AI has seriously improved its ability to generate the written word

181 阅读2分钟

Over the past year, AI has seriously improved its ability to generate the written word. By scanning huge datasets of text, machine learning software can produce convincing samples of everything from short stories to song lyrics. Now, those same techniques are being applied to the world of coding with a new program called Deep TabNine.

Deep TabNine is what’s known as a coding autocompleter. Programmers can install it as an add-on in their editor of choice, and when they start writing, it’ll suggest how to continue each line, offering small chunks at a time. Think of it as Gmail’s Smart Compose feature but for code.

Jacob Jackson, the computer science undergrad at the University of Waterloo who created Deep TabNine, says this sort of software isn’t new, but machine learning has hugely improved what it can offer. “It’s solved a problem for me,” he tells The Verge.

Jackson started work on the original version of the software, TabNine, in February last year before launching it that November. But earlier this month, he released an updated version that uses a deep learning text-generation algorithm called GPT-2, which was designed by the research lab OpenAI, to improve its abilities. The topplay update has seriously impressed coders, who have called it “amazing,” “insane,” and “absolutely mind-blowing” on Twitter.

One user, Franck Nijhof, an IT manager who works on open-source home automation software in his spare time, says he wasn’t just surprised by Deep TabNine — he was scared, in a pleasant fashion. “The first hour I used Deep TabNine was not helpful [because] I was continuously stopped by amazement trying to wrap my head around it,” Nijhof told The Verge over email. He kept asking himself, “How does it know that? But how?”

Autocompletion tools like this aren’t new, but Nijhof says Deep TabNine’s suggestions are just much more accurate. “I’ve tried some smart ‘universal’ ones in the past, but they were annoying and not helpful,” he says. “TabNine is undoubtedly a game-changer.”

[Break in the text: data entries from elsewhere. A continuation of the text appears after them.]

Lemma size_diffs b : size (diffs b) = (size b).-1.
Proof. by rewrite size_map size_iota. Qed.

Lemma changes_diffs b : changes b = count id (diffs b).
Proof. by rewrite count_map. Qed.

Lemma count_take_diffs b p :
  count id (take p (diffs b)) = count (change_at b) (iota 1 (minn p (size b).-1)).
Proof. by rewrite -map_take take_iota count_map. Qed.

Lemma size_integrate c : size (integrate c) = (size c).+1.
Proof. by rewrite size_mkseq. Qed.

Lemma bit_integrate c p : p <= size c ->
  bit (integrate c) p.+1 = odd (count id (take p c)).
Proof. by move=> le_p; rewrite /bit /= nth_mkseq. Qed.

Lemma integrateK c : diffs (integrate c) = c.
Proof.
apply: (@eq_from_nth _ false) => [|i]; rewrite size_diffs size_integrate // => lt_i.
rewrite (nth_map 0) ?size_iota ?size_integrate // nth_iota // add1n /change_at.
rewrite !bit_integrate ?(ltnW lt_i) // (take_nth false lt_i) -cats1 count_cat oddD.
by case: (odd _); case: (nth _ _ _).
Qed.

Lemma diffsK b : 0 < size b -> bit b 1 = false -> integrate (diffs b) = b.
Proof.
move=> size_gt0 b1; apply: (@eq_from_nth _ false) => [|i];
  rewrite size_integrate size_diffs prednK // => lt_i.
rewrite nth_mkseq ?size_diffs ?prednK // count_take_diffs (minn_idPl _); last first.
  by rewrite -ltnS prednK.
by case: (descents_prefix b i) => _; rewrite b1 /bit /= => <-.
Qed.

Definition prefix_bounded (d a n : nat) (c : seq bool) : bool :=
  all (fun j => count id (take (d * j) c) < a * j) (iota 1 n).

(* An admissible word with the maximal number 2n-1 of changes starts with 0:
   otherwise it would have n occurrences of 10. *)
Lemma extremal_first_bit s n b : 0 < n -> size b = (s + 2) * n + 1 ->
  admissibleb s b -> changes b = 2 * n - 1 -> bit b 1 = false.
Proof.
move=> n_gt0 size_b adm chg; have := size_occ10_admissible n_gt0 size_b adm.
rewrite size_occ10 chg; case: (bit b 1) => //.
by rewrite (_ : 2 * n - 1 + true = (n.*2)) ?doubleK ?ltnn //; lia.
Qed.

(* For words starting with 0 with 2n-1 changes, admissibility is prefix
   boundedness of the change word (the condition for j = n being automatic). *)
Lemma admissible_extremalE s n b : 0 < n -> size b = (s + 2) * n + 1 ->
  changes b = 2 * n - 1 -> bit b 1 = false ->
  admissibleb s b = prefix_bounded (s + 2) 2 n (diffs b).
Proof.
move=> n_gt0 size_b chg b1.
have size_occ : size (occ10 b) = n.-1.
  by rewrite size_occ10 chg b1 addn0 (_ : 2 * n - 1 = true + (n.-1).*2) ?half_bit_double //; lia.
have prefix_lenE j : j <= n -> minn ((s + 2) * j) (size b).-1 = (s + 2) * j.
  by move=> le_jn; apply/minn_idPl; rewrite size_b addn1 leq_mul2l le_jn orbT.
have last_ok : count id (take ((s + 2) * n) (diffs b)) < 2 * n.
  have size_pred : (s + 2) * n = (size b).-1 by rewrite size_b addn1.
  by rewrite count_take_diffs prefix_lenE // size_pred -/(changes b) chg; lia.
rewrite admissibleE /prefix_bounded size_occ.
have -> : iota 1 n = rcons (iota 1 n.-1) n by case: (n) n_gt0 => // m _; rewrite iota1S.
rewrite all_rcons last_ok /=.
apply: eq_in_all => j; rewrite mem_iota => /andP [_ lt_j].
rewrite occ10_prefix count_take_diffs !prefix_lenE ?b1 ?addn0 ?ltn_half_double -?muln2 //; lia.
Qed.

(* P counts ones along an infinite periodic word: going once
   around the period of n blocks adds a*n - 1.  A start k is good when every
   stretch of j blocks, 1 <= j <= n, after k gains fewer than a*j. *)
Section CycleLemma.

Variables (P : nat -> nat) (a n : nat).
Hypothesis P_period : forall r, r < n -> P (n + r) + 1 = P r + a * n.

Definition good_start (k : nat) : bool :=
  all (fun j => P (k + j) < P k + a * j) (iota 1 n).

(* Two good starts k1 < k2 are impossible: the stretches k1 -> k2 and
   k2 -> n + k1 together gain a*n - 1 but would each be too short. *)
Lemma good_start_unique k1 k2 : k1 < n -> k2 < n ->
  good_start k1 -> good_start k2 -> k1 = k2.
Proof.
wlog lt12 : k1 k2 / k1 < k2.
  move=> wlog_lt lt1 lt2 g1 g2; case: (ltngtP k1 k2) => // [lt12 | lt21].
  - exact: wlog_lt.
  - by apply/esym/wlog_lt.
move=> lt1 lt2 /allP g1 /allP g2; exfalso.
have := g1 (k2 - k1); rewrite mem_iota subnKC ?(ltnW lt12) //.
have := g2 (n + k1 - k2); rewrite mem_iota (_ : k2 + (n + k1 - k2) = n + k1); last by lia.
have := P_period lt1.
nia.
Qed.

Let height (t : nat) : nat := P t + a * (n - t).

Lemma last_maximum_good k : k < n ->
  (forall t, t < n -> height t <= height k /\ (k < t -> height t < height k)) ->
  good_start k.
Proof.
rewrite /height => lt_k top; apply/allP => j; rewrite mem_iota => /andP [j_ge1 j_le].
change nat in j.
have split_mul x y z : y <= x -> z = x - y -> a * x = a * z + a * y.
  by move=> le_yx ->; rewrite -mulnDr subnK.
case: (ltnP (k + j) n) => [lt_kj | ge_kj].
  have [_ /(_ _) lt_height] := top _ lt_kj.
  rewrite (split_mul (n - k) j (n - (k + j))) in lt_height; lia.
set r := k + j - n; have lt_r : r < n by lia.
have [le_height _] := top _ lt_r; have := P_period lt_r.
rewrite (_ : n + r = k + j) ?(split_mul n r (n - r)) ?(split_mul j r (n - k)) //; lia.
Qed.
Lemma fejer_solutions z : VI_solution f B z -> forall n,
  inner (Vn (S n) (hsub (x (S n)) z)) (hsub (x (S n)) z) <= inner (Vn n (hsub (x n) z)) (hsub (x n) z).
Proof.
  intros Hz n. assert (H := fejer_descent n z Hz). assert (Hm := mu_pos).
  assert (HP : 0 < weight_bound eta) by apply exp_pos. assert (HD := inner_pos (hsub (x n) (p n))).
  assert (0 <= eps / (mu * weight_bound eta)) by (apply Rlt_le, Rdiv_lt_0_compat; nra).
  nra.
Qed.

(* Summing the descent terms: ||x_n - p_n|| -> 0, and ||x_n - p_n||^2 is bounded
   by a multiple of the initial distance to a solution. *)
Lemma residual_sq_le z : VI_solution f B z -> forall n,
  inner (hsub (x n) (p n)) (hsub (x n) (p n)) <=
  mu * weight_bound eta / eps * (inner (Vn n (hsub (x n) z)) (hsub (x n) z)
                                  - inner (Vn (S n) (hsub (x (S n)) z)) (hsub (x (S n)) z)).
Proof.
  intros Hz n. assert (H := fejer_descent n z Hz). assert (Hm := mu_pos).
  assert (HP : 0 < weight_bound eta) by apply exp_pos. assert (Hep : 0 < eps) by lra.
  set (D2 := inner (hsub (x n) (p n)) (hsub (x n) (p n))) in *.
  replace D2 with (mu * weight_bound eta / eps * (eps / (mu * weight_bound eta) * D2))
    by (field; repeat split; lra).
  apply Rmult_le_compat_l. apply Rlt_le, Rdiv_lt_0_compat. nra. lra. lra.
Qed.

Lemma residual_cv0 : Un_cv (fun n => hnorm (hsub (x n) (p n))) 0.
Proof.
  destruct Hsol as [zs Hz].
  destruct (fejer_dist_cv Vn _ Vn_lower_pos Vn_lower x _ fejer_solutions zs Hz) as [l Hl].
  assert (H0 : Un_cv (fun n => inner (hsub (x n) (p n)) (hsub (x n) (p n))) 0).
  { apply squeeze_zero with (d := fun n => mu * weight_bound eta / eps *
       (inner (Vn n (hsub (x n) zs)) (hsub (x n) zs)
        - inner (Vn (S n) (hsub (x (S n)) zs)) (hsub (x (S n)) zs))).
    - intro n. rewrite Rabs_right by (apply Rle_ge, inner_pos). apply residual_sq_le. auto.
    - replace 0 with (mu * weight_bound eta / eps * (l - l)) by ring. apply cv_scale.
      apply CV_minus. auto. apply (cv_ext (fun n => inner (Vn (n + 1) (hsub (x (n + 1)) zs))
                                                         (hsub (x (n + 1)) zs))).
      intro n. rewrite Nat.add_1_r. auto. apply (CV_shift' _ 1 l Hl). }
  intros e He. destruct (H0 (e * e)) as [N HN]. nra. exists N. intros n Hn. specialize (HN n Hn).
  unfold R_dist in *. rewrite Rminus_0_r in *.
  rewrite Rabs_right in * by (apply Rle_ge; try apply inner_pos; apply hnorm_pos).
  apply sqrt_lt_of_sq. apply inner_pos. lra. auto.
Qed.

Lemma iterates_bounded : exists C, forall n, hnorm (x n) <= C /\ hnorm (p n) <= C.
Proof.
  destruct Hsol as [zs Hz]. assert (Hm := mu_pos). assert (HP : 0 < weight_bound eta) by apply exp_pos.
  assert (Hep : 0 < eps) by lra.
  destruct (fejer_bounded Vn _ Vn_lower_pos Vn_lower x _ fejer_solutions zs Hz) as [Cx HCx].
  set (M := mu * weight_bound eta / eps * inner (Vn 0 (hsub (x 0%nat) zs)) (hsub (x 0%nat) zs)).
  exists (Cx + sqrt M). intro n. assert (Hs := sqrt_pos M). split. specialize (HCx n). lra.
  assert (HD : hnorm (hsub (x n) (p n)) <= sqrt M).
  { apply norm_le_sqrt. eapply Rle_trans. apply (residual_sq_le zs Hz). unfold M.
    apply Rmult_le_compat_l. apply Rlt_le, Rdiv_lt_0_compat. nra. lra.
    assert (H1 := fejer_dist_le Vn x _ fejer_solutions zs Hz n).
    assert (H2 := metric_pos Vn _ Vn_lower_pos Vn_lower (S n) (hsub (x (S n)) zs)). lra. }
  replace (p n) with (hadd K (x n) (hscal K (-1) (hsub (x n) (p n)))) by vec_eq.
  eapply Rle_trans. apply norm_triangle. rewrite hnorm_scal, Rabs_left by lra.
  specialize (HCx n). lra.
Qed.
(* For every colour class i, the subgraph induced on the two other classes a
   and b is the step graph: the two sides go to classes a and b, the latter
   shifted by the translation t of the gap row from a to b. *)
Lemma induced_two_classes (i : 'I_3) :
  iso_induced step_graph (config_graph cyclic_blocks) [set p | class p != i].
Proof.
have [a [b [a_neq_b otherE]]] := other_classes i.
have [t [pi [pi_inj rowE]]] := height_row a_neq_b.
have [pi' _ pi'K] := injF_bij pi_inj.
have cross_edge (m m' : V) :
    config_graph cyclic_blocks (a, m) (b, m' + t) = step_adjacent m m'.
  rewrite cyclic_adjacent_cross //=; apply/existsP/existsP => -[k].
    by rewrite rowE addrAC addrC (inj_eq (addrI t)) => ?; exists (pi k).
  by exists (pi' k); rewrite rowE pi'K addrAC addrC (inj_eq (addrI t)).
pose phi (p : bool * V) := if p.1 then (b, p.2 + t) else (a, p.2).
exists phi; split.
- move=> [[] m1] [[] m2]; rewrite /phi /= => -[] //.
  + by move/addIr->.
  + by move=> eq_ab; rewrite eq_ab eqxx in a_neq_b.
  + by move=> eq_ab; rewrite eq_ab eqxx in a_neq_b.
  + by move->.
- move=> [x m]; rewrite inE /class /= otherE; split.
    case/orP=> /eqP ->; first by exists (false, m).
    by exists (true, m - t); rewrite /phi /= subrK.
  by case=> -[[] m'] [<- _]; rewrite eqxx ?orbT.
- move=> [[] m1] [[] m2]; rewrite /phi /step_graph /=.
  + by rewrite cyclic_adjacent_same_class.
  + by rewrite config_graph_sym -cross_edge.
  + by rewrite -cross_edge.
  + by rewrite cyclic_adjacent_same_class.
Qed.
End CyclicConfiguration.

Section ZpOrder.
Local Open Scope ring_scope.

Lemma Zp_one_order_ge3 (n : nat) : (2 < n)%N -> (1 : 'Z_n) != 0 /\ (1 : 'Z_n) *+ 2 != 0.
Proof.
move=> n_gt2; have n_gt1 : (1 < n)%N by lia.
have small_nat_neq0 k : (0 < k < n)%N -> (k%:R : 'Z_n) != 0.
  move=> k_bounds; apply/eqP => /(congr1 val).
  by rewrite /= val_Zp_nat // modn_small; lia.
by split; [rewrite -(mulr1n 1) |]; apply: small_nat_neq0; lia.
Qed.

End ZpOrder.

Theorem mainTheorem13 (s : nat) : 3 <= s ->
  exists (G : rel 'I_(2 * s)) (B : {set {set 'I_(3 * s)}}) (c : 'I_(3 * s) -> 'I_3),
    [/\ cubic_bipartite_graph G,
        symmetric_configuration B,
        strong_chromatic_number B 3,
        strong_colouring B c &
        forall i : 'I_3, iso_induced G (config_graph B) [set x | c x != i]].
Proof.
move=> s_ge3; have [one_neq0 two_neq0] := Zp_one_order_ge3 s_ge3.
have card_Zs : #|'Z_s| = s by rewrite card_ord Zp_cast //; lia.
have card_points : #|{: 'I_3 * 'Z_s}| = 3 * s by rewrite card_prod card_ord card_Zs.
have card_vertices : #|{: bool * 'Z_s}| = 2 * s by rewrite card_prod card_bool card_Zs.
pose to_point := of_ord card_points.
have config := relabel_symmetric_configuration (to_ordK card_points)
  (of_ordK card_points) (cyclic_symmetric_configuration one_neq0 two_neq0).
have colouring := relabel_strong_colouring (to_ordK card_points)
  (of_ordK card_points) (class_strong_colouring (g := 1%R)).
exists (relabel_rel (of_ord card_vertices) (step_graph 1%R)),
  (relabel_blocks (to_ord card_points) (cyclic_blocks 1%R)), (@class _ \o to_point).
split=> //.
- apply: (relabel_cubic_bipartite (to_ordK card_vertices) (of_ordK card_vertices)).
  exact: step_graph_cubic_bipartite one_neq0 two_neq0.
- apply: strong_chromatic_number_three => //; last by exists (@class _ \o to_point).
  by rewrite card_ord; lia.
- move=> i; apply: (relabel_iso_induced (to_ordK card_vertices) (of_ordK card_vertices)
    (to_ordK card_points) (of_ordK card_points) _ _ (induced_two_classes 1%R i)).
  + exact: (relabel_config_graph (to_ordK card_points) (of_ordK card_points)).
  + by move=> x; rewrite !inE.
Qed.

The software offers better suggestions because it works on a predictive basis, says Jackson. Most autocompleters have to parse what the user has already written to make suggestions, working through their code like you would work through the steps in a mathematical formula. Deep TabNine, by comparison, relies on the ability of machine learning to find statistical patterns in data to make its predictions.

In the same way that text generation algorithms are trained on huge datasets of books, articles, and movie scripts, Deep TabNine is trained on 2 million files from coding repository GitHub. It finds patterns in this data and uses them to suggest what’s likely to appear next in any given line of code, whether that’s a variable name or a function.

Using deep learning to create autocompletion software offers several advantages, says Jackson. It makes it easy to add support for new languages, for a start. You only need to drop more training data into Deep TabNine’s hopper, and it’ll dig out patterns, he says. This means that Deep TabNine supports some 22 different coding languages while most alternatives just work with one.

(The full list of languages Deep TabNine supports are as follows: Python, JavaScript, Java, C++, C, PHP, Go, C#, Ruby, Objective-C, Rust, Swift, TypeScript, Haskell, OCaml, Scala, Kotlin, Perl, SQL, HTML, CSS, and Bash.)

Most importantly, thanks to the analytical abilities of deep learning, the suggestions Deep TabNine makes are of a high overall quality. And because the software doesn’t look at users’ own code to make suggestions, it can start helping with projects right from the word go, rather than waiting to get some cues from the code the user writes.